Wise words, Magis! Especially if they are going to try sell articles and pictures to the major hunting magazines. The mags don't like a lot of overt blood, red meat, tongues hanging out, and a hunter that looks like he's been sleeping under a bridge for a month! They also don't like pics in the bed of the pickup with the buck surrounded by empty beer cans!

Some years back there used to be a "deer show" at a local pay to fish lake on the Sunday immediately following the last day of gun season. This was before Sunday hunting in Ohio. North American Whitetail would send a photographer to take pics and a writer to interview successful hunters. They were very particular in how they wanted the deer and hunter posed. A natural background with the deer's front legs folded under, as if laying down, with the hunter behind and holding the rack in the best position to show it off. And the hunter was not to smile or frown! Just a neutral expression, with the hunter looking at the rack, not at the camera! Yes indeed, very particular! If there was blood around the deer's mouth and nose they would clean it up and tuck in the tongue before taking the pic. 

One year there was a guy with a real buster of a buck. He also looked like he'd been wearing the same clothes for a month, stank to high heaven, had bloodshot eyes (he was drunk), and looked like he used Crisco for hair conditioner. Needless to say, NAW took no pics of that bozo! 

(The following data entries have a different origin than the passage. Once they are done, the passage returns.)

Lemma unit_col_Gammaj h j off : is_index D n h -> size h < D -> j < b (size h) ->
  off < nth 0 (m (size h)) j ->
  unit_col (Gammaj (R := R) n m (size h) j) (posM m h + Nprod n (size h) * off)
    (vol_before m (size h) (ivec b (blkidx m h)) * nth 0 (m (size h)) j
      + (off * vol m (blkidx m h) + local_pos m h)).
Proof.
move=> h_idx lt_hD lt_j lt_off.
set k := size h; set mj := nth 0 (m k) j; set beta := blkidx m h; set iv := ivec b beta.
have lt_iv : iv < Nprod b k by apply: (ivec_blkidx_lt sumn_m).
have lt_loc : local_pos m h < vol m beta by apply: (local_pos_lt sumn_m).
rewrite /Gammaj -/mj; set L := [seq mshuffle _ mj | t <- _].
have size_L : msz (mbdiag L) = mj * Nprod n k.
  by have := msz_Gammaj j (ltnW lt_hD); rewrite /= mulnC => ->.
apply: (@unit_col_mmul _ _ _ _ (posM m h * mj + off)); first by rewrite size_L.
  by rewrite addnC [_ * off]mulnC; apply: unit_col_mshuffle; last exact: (posM_lt n_gt0 sumn_m).
have offset_iv : sumn (take iv (map (@msz R) L)) = vol_before m k iv * mj.
  by rewrite -map_comp sumn_take_iota ?(ltnW lt_iv) //= -big_distrl.
have block_iv : nth (mid 0) L iv = mshuffle (vol m beta) mj.
  by rewrite (nth_map 0) ?size_iota // nth_iota // add0n (vol_idecode_blkidx sumn_m).
have col_block : unit_col (mshuffle (R := R) (vol m beta) mj) (local_pos m h * mj + off)
    (off * vol m beta + local_pos m h) by apply: unit_col_mshuffle.
rewrite -block_iv in col_block.
have := @unit_col_mbdiag R L (mid 0) iv _ _ _ _ col_block.
rewrite block_iv offset_iv posME mulnDl -addnA; apply.
- by rewrite size_map size_iota.
- exact: mixed_lt.
Qed.

Lemma msz_Gamma k : k < D -> msz (Gamma (R := R) n m k) = Nprod n k.+1.
Proof.
move=> lt_kD; rewrite /Gamma msz_mbdiag -map_comp sumn_map_iota /=.
under eq_bigr => j _ do rewrite msz_Gammaj ?(ltnW lt_kD) //.
by rewrite -big_distrr /= -sumn_take take_size sumn_m // NprodS.
Qed.

Lemma unit_col_Gamma h x : is_index D n h -> size h < D -> x < n (size h) ->
  unit_col (Gamma (R := R) n m (size h)) (posM m h + Nprod n (size h) * x)
    (posM m (rcons h x)).
Proof.
move=> h_idx lt_hD lt_x; rewrite (posM_rcons n_gt0 sumn_m) //.
set k := size h; set j := (blk (m k) x).1; set off := (blk (m k) x).2.
have [lt_j lt_off eq_x] : _ := @blk_spec (m k) x ltac:(by rewrite sumn_m).
rewrite /Gamma; set LG := [seq Gammaj n m k _ | _ <- _].
have offset_j : sumn (take j (map (@msz R) LG)) = Nprod n k * sumn (take j (m k)).
  rewrite -map_comp sumn_take_iota ?(ltnW lt_j) // sumn_take big_distrr /=.
  by apply: eq_bigr => j' _; rewrite msz_Gammaj // ltnW.
have block_j : nth (mid 0) LG j = Gammaj n m k j.
  by rewrite (nth_map 0) ?size_iota // nth_iota.
have col_block := unit_col_Gammaj h_idx lt_hD lt_j lt_off.
rewrite -block_j in col_block.
rewrite [X in _ + _ * X]eq_x mulnDr addnCA.
have := @unit_col_mbdiag R LG (mid 0) j _ _ _ _ col_block.
rewrite block_j offset_j; apply.
- by rewrite size_map size_iota.
- rewrite msz_Gammaj ?(ltnW lt_hD) // addnC mulnC [Nprod n k * _]mulnC.
  by rewrite mixed_lt // (posM_lt n_gt0 sumn_m).
Qed.
(* Let $H$ be a pre-Schreier monoid. Then $1s\Rightarrow 0s$, $3s\Rightarrow 0s$, $1s\Leftrightarrow 2s$, $2s\Rightarrow 3s$, $1s\Rightarrow 4s$, $2s\Rightarrow 5s$, $3s\Rightarrow 6s$, $4s\Leftrightarrow 5s$, $4s\Rightarrow 4's$, $5s\Rightarrow 5's$.
   Context: A monoid means a commutative cancellative monoid (written multiplicatively); $H^{\ast}$ is its unit group, $\mathbb{N}=\{1,2,\dots\}$, $\mathbb{N}_0=\{0,1,2,\dots\}$. Elements are relatively prime ($a\perp b$) if all their common divisors are units. $\mathrm{Sqf}\,H$: elements not of the form $b^2c$ with $b,c\in H$, $b\notin H^{\ast}$. $H$ is pre-Schreier if for all $a,b,c\in H$ with $a\mid bc$ there exist $a_1,a_2\in H$ with $a=a_1a_2$, $a_1\mid b$, $a_2\mid c$. The conditions, each required for every $a\in H$: 0s: $a=s_1\cdots s_n$ for some $n\in\mathbb{N}$, $s_i\in\mathrm{Sqf}\,H$; 1s: $a=s_1s_2^2\cdots s_n^n$ with $n\in\mathbb{N}$, $s_i\in\mathrm{Sqf}\,H$, $s_i\perp s_j$ for $i\ne j$; 2s: $a=s_1\cdots s_n$ with $n\in\mathbb{N}$, $s_i\in\mathrm{Sqf}\,H$, $s_i\mid s_{i+1}$ for $i<n$; 3s: $a=s_0s_1^2s_2^{2^2}\cdots s_n^{2^n}$ with $n\in\mathbb{N}_0$, $s_i\in\mathrm{Sqf}\,H$; 4s: $a=bc$ with $b\in H$, $c\in\mathrm{Sqf}\,H$, $b\perp c$, and some $d\in\mathrm{Sqf}\,H$ with $d^2\mid b$, $b\mid d^n$ for some $n\in\mathbb{N}$; 4's: $a=bc$ with $b\in H$, $c\in\mathrm{Sqf}\,H$, $b\perp c$, and every $d\in\mathrm{Sqf}\,H$ with $d\mid b$ satisfies $d^2\mid b$; 5s: $a=bc$ with $b\in H$, $c\in\mathrm{Sqf}\,H$ and $a\mid c^n$ for some $n\in\mathbb{N}$; 5's: $a=bc$ with $b\in H$, $c\in\mathrm{Sqf}\,H$ and every $d\in\mathrm{Sqf}\,H$ with $d\mid a$ satisfies $d\mid c$; 6s: $a=b^2c$ with $b\in H$, $c\in\mathrm{Sqf}\,H$. *)

From Stdlib Require Import Arith.
(* Let $q\ge 2$ be a prime power. For every $a\in\mathbb{F}_q\cup\{q\}$ and every $c\in\mathbb{F}_q$, any two distinct vertices of $\{(a,t,c)_1: t\in\mathbb{F}_q\}$ are at distance at least $6$ in $B'_q$.
   Context: $\mathbb{F}_q$ is the field with $q$ elements; $q$ is also used as a formal symbol not in $\mathbb{F}_q$. $B_q$ is the bipartite graph with parts $\{(x,y,z)_0: x,y,z\in\mathbb{F}_q\}$ and $\{(a,b,c)_1: a,b,c\in\mathbb{F}_q\}$, in which $(a,b,c)_1$ is adjacent exactly to $(j,\,aj+b,\,a^2j+2ab+c)_0$, $j\in\mathbb{F}_q$. $B'_q$ is obtained from $B_q$ by adding $q^2$ new vertices $(q,b,c)_1$, $b,c\in\mathbb{F}_q$, to the second part, where $(q,b,c)_1$ is adjacent exactly to $(c,b,j)_0$, $j\in\mathbb{F}_q$. *)

From HB Require Import structures.
From mathcomp Require Import all_boot all_order all_algebra all_field.
Set Implicit Arguments. Unset Strict Implicit. Unset Printing Implicit Defensive.
Import GRing.Theory.
Local Open Scope ring_scope.

(* Vertices of B'_q over a finite field F (q = #|F|, a prime power >= 2).
   Part 0: inl (x,y,z)  ~ (x,y,z)_0.
   Part 1: inr (a,b,c)  ~ (a,b,c)_1, where a : option F, with
           a = Some a' for a' in F_q and a = None for the formal symbol q. *)
Definition Bvert (F : finFieldType) : finType :=
  ((F * F * F) + (option F * F * F))%type.

Definition adj10 (F : finFieldType) (a : option F) (b c x y z : F) : bool :=
  match a with
  | Some a' => (y == a' * x + b) && (z == a' ^+ 2 * x + 2 * a' * b + c)
  | None => (x == c) && (y == b)
  end.

Definition Badj (F : finFieldType) : rel (Bvert F) :=
  fun u v =>
    match u, v with
    | inl (x, y, z), inr (a, b, c) => adj10 a b c x y z
    | inr (a, b, c), inl (x, y, z) => adj10 a b c x y z
    | _, _ => false
    end.

Definition dist_ge (F : finFieldType) (u v : Bvert F) (d : nat) : Prop :=
  forall p : seq (Bvert F), path (@Badj F) u p -> last u p = v -> (d <= size p)%N.

From HB Require Import structures.
From mathcomp Require Import all_boot all_order all_algebra all_field.
From mathcomp Require Import ring.
Import GRing.Theory.
Local Open Scope ring_scope.

(* The vertices (a,t,c)_1, t in F, form a "parallel class" of lines of B'_q.
   The proof has three ingredients.
   - B'_q is bipartite (every edge joins part 0 to part 1), so a walk between
     two vertices of part 1 has even length; this excludes lengths 1, 3, 5.
   - Two distinct lines of a parallel class have no common neighbour
     ([parallel_lines_disjoint]); this excludes length 2 (and 0 needs t = t').
   - Two distinct lines of a parallel class do not lie on a common 4-cycle
     with a third line ([parallel_lines_no_common_transversal]); this excludes
     length 4.  Its heart is the field identity of [two_parabolas_meet]. *)

Section Incidence.
Context {F : finFieldType}.

Lemma parallel_lines_disjoint_pt (a : option F) (t t' c x y z : F) :
  adj10 a t c x y z -> adj10 a t' c x y z -> t = t'.
Proof.
case: a => [a|] /=.
  by move=> /andP[/eqP -> _] /andP[/eqP /addrI].
by move=> /andP[_ /eqP ->] /andP[_ /eqP ->].
Qed.

(* Indeed (b-a)(t'-t) is a combination of the incidence equations. *)
Lemma two_parabolas_meet (a b t t' s c d x1 x2 : F) : a != b ->
  a * x1 + t = b * x1 + s -> a ^+ 2 * x1 + 2 * a * t + c = b ^+ 2 * x1 + 2 * b * s + d ->
  a * x2 + t' = b * x2 + s -> a ^+ 2 * x2 + 2 * a * t' + c = b ^+ 2 * x2 + 2 * b * s + d ->
  t = t'.
Proof.
move=> nab Y1 Z1 Y2 Z2.
have key : (b - a) * (t' - t) =
    (a ^+ 2 * x1 + 2 * a * t + c - (b ^+ 2 * x1 + 2 * b * s + d))
  - (a ^+ 2 * x2 + 2 * a * t' + c - (b ^+ 2 * x2 + 2 * b * s + d))
  - (a + b) * ((a * x1 + t - (b * x1 + s)) - (a * x2 + t' - (b * x2 + s))) by ring.
move: key; rewrite Y1 Z1 Y2 Z2 !subrr mulr0 subrr => /eqP.
by rewrite mulf_eq0 subr_eq0 eq_sym (negbTE nab) /= subr_eq0 => /eqP.
Qed.

Lemma parallel_lines_no_common_transversal_pt (a b : option F)
    (t t' c s d x1 y1 z1 x2 y2 z2 : F) :
  adj10 a t c x1 y1 z1 -> adj10 b s d x1 y1 z1 ->
  adj10 b s d x2 y2 z2 -> adj10 a t' c x2 y2 z2 -> t = t'.
Proof.
case: a => [a|]; case: b => [b|] /=.
- move=> /andP[/eqP -> /eqP ->] /andP[/eqP Y1 /eqP Z1]
         /andP[/eqP -> /eqP ->] /andP[/eqP Y2 /eqP Z2].
  have [ab|nab] := eqVneq a b; last first.
    exact: two_parabolas_meet nab Y1 Z1 (esym Y2) (esym Z2).
  by subst b; move: Y1 Y2 => /addrI -> /addrI ->.
- move=> /andP[/eqP Y1 _] /andP[/eqP X1 /eqP E1] /andP[/eqP X2 /eqP E2]
         /andP[/eqP Y2 _].
  have : a * x1 + t = a * x2 + t' by rewrite -Y1 -Y2 E1 E2.
  by rewrite X1 X2 => /addrI.
- move=> /andP[/eqP X1 /eqP Y1] /andP[/eqP E1 _] /andP[/eqP E2 _]
         /andP[/eqP X2 /eqP Y2].
  by rewrite -Y1 -Y2 E1 E2 X1 X2.
- move=> /andP[_ /eqP Y1] /andP[_ /eqP E1] /andP[_ /eqP E2] /andP[_ /eqP Y2].
  by rewrite -Y1 -Y2 E1 E2.
Qed.

Definition part1 (v : Bvert F) : bool := if v is inr _ then true else false.

Lemma Badj_part (u v : Bvert F) : Badj u v -> part1 u != part1 v.
Proof. by case: u => [[[? ?] ?]|[[? ?] ?]]; case: v => [[[? ?] ?]|[[? ?] ?]]. Qed.

Lemma path_part {u : Bvert F} {p : seq (Bvert F)} :
  path (@Badj F) u p -> part1 (last u p) = part1 u (+) odd (size p).
Proof.
elim: p u => [|v p IHp] u /=; first by rewrite addbF.
move=> /andP[/Badj_part uv /IHp ->].
by move: uv; case: (part1 u); case: (part1 v); case: (odd (size p)).
Qed.

Lemma parallel_lines_disjoint {a : option F} {t t' c : F} {v : Bvert F} :
  Badj (inr (a, t, c)) v -> Badj v (inr (a, t', c)) -> t = t'.
Proof.
case: v => [[[x y] z]|//]; exact: parallel_lines_disjoint_pt.
Qed.

Lemma parallel_lines_no_common_transversal {a : option F} {t t' c : F}
    {v1 v2 v3 : Bvert F} :
  Badj (inr (a, t, c)) v1 -> Badj v1 v2 -> Badj v2 v3 ->
  Badj v3 (inr (a, t', c)) -> t = t'.
Proof.
case: v1 => [[[x1 y1] z1]|//]; case: v2 => [//|[[b s] d]].
case: v3 => [[[x2 y2] z2]|//].
exact: parallel_lines_no_common_transversal_pt.
Qed.

End Incidence.

Theorem claim4 (F : finFieldType) (a : option F) (c t t' : F) :
  t != t' ->
  dist_ge (inr (a, t, c) : Bvert F) (inr (a, t', c)) 6.
Proof.
move=> tt' p walk endp.
have even_p : ~~ odd (size p).
  by have := path_part walk; rewrite endp /= => <-.
have neq_t (e : t = t') : False by rewrite e eqxx in tt'.
case: p walk endp even_p => [|v1 [|v2 [|v3 [|v4 [|v5 [|v6 p]]]]]] //=.
- by move=> _ [e]; case: (neq_t e).
- move=> /and3P[e1 e2 _] end2; subst v2.
  by case: (neq_t (parallel_lines_disjoint e1 e2)).
- move=> /and5P[e1 e2 e3 e4 _] end4; subst v4.
  by case: (neq_t (parallel_lines_no_common_transversal e1 e2 e3 e4)).
Qed.
(* Vhat and Uhat are bounded because F and F' are; the remainders are
   O(eps^2) in sup norm by the Sobolev bound. *)
Lemma ansatz_amplitude_bounds (n k : nat) (m BF C eps MV MU rho : R) (F dF v u : R -> R) :
  (n = 1%nat \/ n = 2%nat \/ n = 3%nat) -> 0 < eps <= 1 -> 0 <= BF ->
  (forall r, dom n r -> Rabs (F r) <= BF /\ Rabs (dF r) <= BF) ->
  H2_le n (Vtil k m F eps v) MV -> H2_le n (Util k m dF eps u) MU ->
  MV + MU <= C * eps ^ 2 -> dom n rho ->
  let K := ansatz_const k m BF C in
  1 <= K /\ Rabs (Vhat k m F rho) <= K /\ Rabs (Vtil k m F eps v rho) <= K * eps ^ 2 /\
  Rabs (Uhat k m dF rho + Util k m dF eps u rho) <= K.
Proof.
intros Hn Heps HBF0 HBF HV HU HMM Hrho K.
set (cV := Rpower (2 * m) (- (1 / (2 * INR k)))).
set (cU := Rpower (2 * m) (- (1 / (2 * INR k)) - 1)).
assert (cVp : 0 < cV) by (unfold cV, Rpower; apply exp_pos).
assert (cUp : 0 < cU) by (unfold cU, Rpower; apply exp_pos).
assert (HK : K = cV * BF + cU * BF + 3 * Rabs C + 1) by (unfold K, ansatz_const; fold cV cU; ring).
destruct (HBF rho Hrho) as [HF HdF].
assert (0 <= cV * BF /\ 0 <= cU * BF) as [P1 P2] by (split; apply Rmult_le_pos; lra).
pose proof (Rle_abs C). pose proof (Rabs_pos C). pose proof (pow2_ge_0 eps).
assert (e1 : eps ^ 2 <= 1) by nra.
assert (MVp : 0 <= MV) by apply HV. assert (MUp : 0 <= MU) by apply HU.
assert (C * eps ^ 2 <= Rabs C * eps ^ 2) by (apply Rmult_le_compat_r; lra).
assert (Rabs C * eps ^ 2 <= Rabs C) by (rewrite <- (Rmult_1_r (Rabs C)) at 2; apply Rmult_le_compat_l; lra).
assert (SV := radial_sobolev_sup n _ MV Hn HV rho Hrho).
assert (SU := radial_sobolev_sup n _ MU Hn HU rho Hrho).
repeat split.
- lra.
- unfold Vhat. fold cV. rewrite Rabs_mult, Rabs_right by lra.
  assert (cV * Rabs (F rho) <= cV * BF) by (apply Rmult_le_compat_l; lra). lra.
- assert (3 * Rabs C * eps ^ 2 <= K * eps ^ 2) by (apply Rmult_le_compat_r; lra). lra.
- unfold Uhat. fold cU. eapply Rle_trans; [apply Rabs_triang|].
  rewrite Rabs_Ropp, Rabs_mult, (Rabs_right cU) by lra.
  assert (cU * Rabs (dF rho) <= cU * BF) by (apply Rmult_le_compat_l; lra). lra.
Qed.

Theorem lemma5p3 (n k : nat) (m : R) (F dF ddF : R -> R) (v u : R -> R -> R) :
  (n = 1%nat \/ n = 2%nat \/ n = 3%nat) ->
  (1 <= k)%nat ->
  (n = 3%nat -> k = 1%nat) ->
  0 < m ->
  ground_state n k F dF ddF ->
  (exists C eps0, 0 < eps0 /\
     forall eps, 0 < eps < eps0 ->
       dirac_profile n k m (omega m eps) (v eps) (u eps) /\
       exists MV MU,
         H2_le n (Vtil k m F eps (v eps)) MV /\
         H2_le n (Util k m dF eps (u eps)) MU /\
         MV + MU <= C * eps ^ 2) ->
  exists C eps0, 0 < eps0 /\
    forall eps, 0 < eps < eps0 ->
      forall rho, dom n rho ->
        opnorm_le4 (Wmat k m F eps (v eps) (u eps) rho) (C * eps ^ 2).
Proof.
intros Hn Hk Hk3 Hm Hgs [C [eps0 [He0 Hprofile]]].
destruct (ground_state_bounded n k F dF ddF Hn Hk Hk3 Hgs) as [BF [HBF0 HBF]].
destruct k as [|j]; [lia|].
set (K := ansatz_const (S j) m BF C).
exists (4 * entry_const m K j), (Rmin eps0 (Rmin 1 (m / 2))).
split; [apply Rmin_pos; [lra | apply Rmin_pos; lra] |].
intros eps Heps rho Hrho.
pose proof (Rmin_l eps0 (Rmin 1 (m / 2))). pose proof (Rmin_r eps0 (Rmin 1 (m / 2))).
pose proof (Rmin_l 1 (m / 2)). pose proof (Rmin_r 1 (m / 2)).
destruct (Hprofile eps ltac:(lra)) as [_ [MV [MU [HV [HU HMM]]]]].
destruct (ansatz_rescaling (S j) m eps rho F dF (v eps) (u eps) Hk ltac:(lra)) as (Hv & Hu & Hp).
destruct (ansatz_amplitude_bounds n (S j) m BF C eps MV MU rho F dF (v eps) (u eps)
            Hn ltac:(lra) HBF0 HBF HV HU HMM Hrho) as (HK & HVh & HAV & HB).
fold K in HK, HVh, HAV, HB.
assert (Entries := Wmat_entries_bound m K eps _ _ _ _ j Hm HK ltac:(lra) ltac:(lra) Hp HVh
  ltac:(rewrite Rplus_minus_l; exact HAV) HB F (v eps) (u eps) rho Hv Hu eq_refl).
rewrite Rmult_assoc. apply opnorm_le4_of_entries; [|exact Entries].
apply Rle_trans with (Rabs (Wmat (S j) m F eps (v eps) (u eps) rho 0 0));
  [apply Rabs_pos | apply Entries; lia].
Qed.
(* Let $f\in\mathcal S_{\mathbf M}$ and let $\|\cdot\|$ be either the Luxemburg norm $\|\cdot\|_{\mathbf M}$ or the Orlicz norm $\|\cdot\|^*_{\mathbf M}$ (the same choice for $E_n$ and $\omega_\alpha$). Then for any $\tau>0$, $n\in\mathbb N$ and $\alpha>0$, $$E_n(f)\le 2C_{n,\alpha}(\tau)\,\omega_\alpha\Big(f,\frac{\tau}{n}\Big),$$ where $C_{n,\alpha}(\tau):=\inf_{v\in V(\tau)}\frac{v(\tau)-v(0)}{\inf_{k\in\mathbb N,k\ge n}\int_0^\tau\varphi(ku/n)\,dv(u)}$ with $\varphi(t)=2^\alpha|\sin(t/2)|^\alpha$.
   Context: $L$ is the space of $2\pi$-periodic Lebesgue integrable functions, with Fourier coefficients $\widehat f(k)=(2\pi)^{-1}\int_0^{2\pi}f(x)e^{-\mathrm{i}kx}\,dx$. Let $\mathbf M=\{M_k\}_{k\in\mathbb Z}$ be a sequence of Orlicz functions on $[0,\infty)$ (nondecreasing, convex, $M_k(0)=0$, $M_k(u)\to\infty$ as $u\to\infty$). For a complex sequence $c=\{c_k\}_{k\in\mathbb Z}$: Luxemburg norm $\|c\|_{\mathbf M}=\inf\{a>0:\sum_kM_k(|c_k|/a)\le1\}$; with $\tilde M_k(v)=\sup\{uv-M_k(u):u\ge0\}$ and $\Lambda$ the set of positive sequences $\lambda$ with $\sum_k\tilde M_k(\lambda_k)\le1$, Orlicz norm $\|c\|^*_{\mathbf M}=\sup\{\sum_k\lambda_k|c_k|:\lambda\in\Lambda\}$. $\mathcal S_{\mathbf M}$ is the space of $f\in L$ with $\|\{\widehat f(k)\}\|_{\mathbf M}<\infty$, and the norms of $f$ are those of $\{\widehat f(k)\}$. $E_n(f)=\inf\{\|f-t\|:t\in\mathcal T_{n-1}\}$, $\mathcal T_{n-1}$ the trigonometric polynomials $\sum_{|k|\le n-1}c_ke^{\mathrm{i}kx}$. For $\alpha>0$, $\Delta_h^\alpha f(x)=\sum_{j\ge0}(-1)^j\binom{\alpha}{j}f(x-jh)$, whose Fourier coefficients are $(1-e^{-\mathrm{i}kh})^\alpha\widehat f(k)$ (so of modulus $2^\alpha|\sin(kh/2)|^\alpha|\widehat f(k)|$), and $\omega_\alpha(f,\delta)=\sup_{|h|\le\delta}\|\Delta_h^\alpha f\|$. $V(\tau)$ is the set of bounded nondecreasing functions on $[0,\tau]$ that are not constant there; integrals are Lebesgue–Stieltjes. *)

From HB Require Import structures.
From mathcomp Require Import all_boot all_order all_algebra.
From mathcomp Require Import all_classical all_reals all_analysis.
From mathcomp Require Import complex.
Set Implicit Arguments. Unset Strict Implicit. Unset Printing Implicit Defensive.
Import Order.TTheory GRing.Theory Num.Theory.
Import numFieldNormedType.Exports.
Local Open Scope classical_set_scope.
Local Open Scope ring_scope.

Section Defs.
Context {R : realType}.

Definition orlicz_fun (M : R -> R) : Prop :=
  [/\ M 0 = 0,
      (forall u w, 0 <= u -> u <= w -> M u <= M w),
      (forall u w t, 0 <= u -> 0 <= w -> 0 <= t <= 1 ->
         M (t * u + (1 - t) * w) <= t * M u + (1 - t) * M w)
    & M x @[x --> +oo] --> +oo].

Definition conj_fun (M : R -> R) (v : R) : \bar R :=
  ereal_sup [set (u * v - M u)%:E | u in [set u : R | 0 <= u]].

Definition lux_norm (M : int -> R -> R) (c : int -> R[i]) : \bar R :=
  ereal_inf [set a%:E | a in [set a : R | 0 < a /\
     (\esum_(k in [set: int]) (M k (Normc.normc (c k) / a))%:E <= 1)%E]].

Definition orl_norm (M : int -> R -> R) (c : int -> R[i]) : \bar R :=
  ereal_sup [set (\esum_(k in [set: int]) (lam k * Normc.normc (c k))%:E)%E |
     lam in [set lam : int -> R | (forall k, 0 < lam k) /\
       (\esum_(k in [set: int]) conj_fun (M k) (lam k) <= 1)%E]].

Inductive normkind := Luxemburg | Orlicz.

Definition seqnorm (nk : normkind) M c :=
  match nk with Luxemburg => lux_norm M c | Orlicz => orl_norm M c end.

Definition fcoef (f : R -> R[i]) (k : int) : R[i] :=
  Complex ((\int[lebesgue_measure]_(x in `[0, 2 * pi]) (complex.Re (f x) * cos (k%:~R * x) + complex.Im (f x) * sin (k%:~R * x))) / (2 * pi))
  ((\int[lebesgue_measure]_(x in `[0, 2 * pi]) (complex.Im (f x) * cos (k%:~R * x) - complex.Re (f x) * sin (k%:~R * x))) / (2 * pi)).

Definition in_L (f : R -> R[i]) : Prop :=
  [/\ (forall x, f (x + 2 * pi) = f x),
      lebesgue_measure.-integrable `[0, 2 * pi] (EFin \o (fun x => complex.Re (f x)))
    & lebesgue_measure.-integrable `[0, 2 * pi] (EFin \o (fun x => complex.Im (f x)))].

Definition in_SM (M : int -> R -> R) (f : R -> R[i]) : Prop :=
  in_L f /\ (lux_norm M (fcoef f) < +oo)%E.

Definition trig_coefs (n : nat) : set (int -> R[i]) :=
  [set c | forall k : int, (n%:Z <= `|k|)%R -> c k = 0].

Definition En nk M (f : R -> R[i]) (n : nat) : \bar R :=
  ereal_inf [set seqnorm nk M (fun k => fcoef f k - c k) | c in trig_coefs n].

Definition diff_coef (alpha h : R) (f : R -> R[i]) (k : int) : R[i] :=
  Complex ((2 `^ alpha * `|sin (k%:~R * h / 2)| `^ alpha) * Normc.normc (fcoef f k)) 0.

Definition omega nk M (alpha : R) f (delta : R) : \bar R :=
  ereal_sup [set seqnorm nk M (diff_coef alpha h f) | h in [set h : R | `|h| <= delta]].

Definition phi (alpha t : R) : R := 2 `^ alpha * `|sin (t / 2)| `^ alpha.

Definition inV (tau : R) (v : R -> R) : Prop :=
  [/\ (exists B : R, forall u, 0 <= u <= tau -> `|v u| <= B),
      (forall u w, 0 <= u -> u <= w -> w <= tau -> v u <= v w)
    & (exists u w, [/\ 0 <= u <= tau, 0 <= w <= tau & v u != v w])].

Definition ls_cumulative (tau : R) (v : R -> R) (F : R -> R) : Prop :=
  [/\ (forall u, u < 0 -> F u = v 0),
      (forall u, tau <= u -> F u = v tau)
    & (forall u, 0 <= u < tau -> v x @[x --> u^'+] --> F u)].

Definition ls_int (F : cumulative R R) (tau : R) (g : R -> R) : \bar R :=
  (\int[lebesgue_stieltjes_measure F]_(u in `[0%R, tau]) (g u)%:E)%E.

Definition Cconst (alpha : R) (n : nat) (tau : R) : \bar R :=
  ereal_inf [set r | exists (v : R -> R) (F : cumulative R R),
    [/\ inV tau v, ls_cumulative tau v F &
      let J := ereal_inf [set ls_int F tau (fun u => phi alpha (k%:R * u / n%:R))
                          | k in [set k : nat | (n <= k)%N]] in
      r = if J == 0 then +oo%E else ((v tau - v 0) / fine J)%:E]].

End Defs.

From HB Require Import structures.
From mathcomp Require Import all_boot all_order all_algebra.
From mathcomp Require Import all_classical all_reals all_analysis.
From mathcomp Require Import complex measurable_realfun.
From mathcomp Require Import ring lra.
Import Order.TTheory GRing.Theory Num.Theory.
Import numFieldNormedType.Exports.
Local Open Scope classical_set_scope.
Local Open Scope ring_scope.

I hope this is a legit kill. I remember hearing Mike Beatty talk about some of the crap that started after he shot his big buck. Next thing he knows he shot it with a muzzleloader, he shot it in another state and claimed it here, he poached it, yada, yada, yada! Can't understand why some people have to be like that.


----------



## 9Left

buckeyebowman said:


> Wise words, Magis! Especially if they are going to try sell articles and pictures to the major hunting magazines. The mags don't like a lot of overt blood, red meat, tongues hanging out, and a hunter that looks like he's been sleeping under a bridge for a month! They also don't like pics in the bed of the pickup with the buck surrounded by empty beer cans!
> 
> Some years back there used to be a "deer show" at a local pay to fish lake on the Sunday immediately following the last day of gun season. This was before Sunday hunting in Ohio. North American Whitetail would send a photographer to take pics and a writer to interview successful hunters. They were very particular in how they wanted the deer and hunter posed. A natural background with the deer's front legs folded under, as if laying down, with the hunter behind and holding the rack in the best position to show it off. And the hunter was not to smile or frown! Just a neutral expression, with the hunter looking at the rack, not at the camera! Yes indeed, very particular! If there was blood around the deer's mouth and nose they would clean it up and tuck in the tongue before taking the pic.
> 
> One year there was a guy with a real buster of a buck. He also looked like he'd been wearing the same clothes for a month, stank to high heaven, had bloodshot eyes (he was drunk), and looked like he used Crisco for hair conditioner. Needless to say, NAW took no pics of that bozo!
> 
> I hope this is a legit kill. I remember hearing Mike Beatty talk about some of the crap that started after he shot his big buck. Next thing he knows he shot it with a muzzleloader, he shot it in another state and claimed it here, he poached it, yada, yada, yada! Can't understand why some people have to be like that.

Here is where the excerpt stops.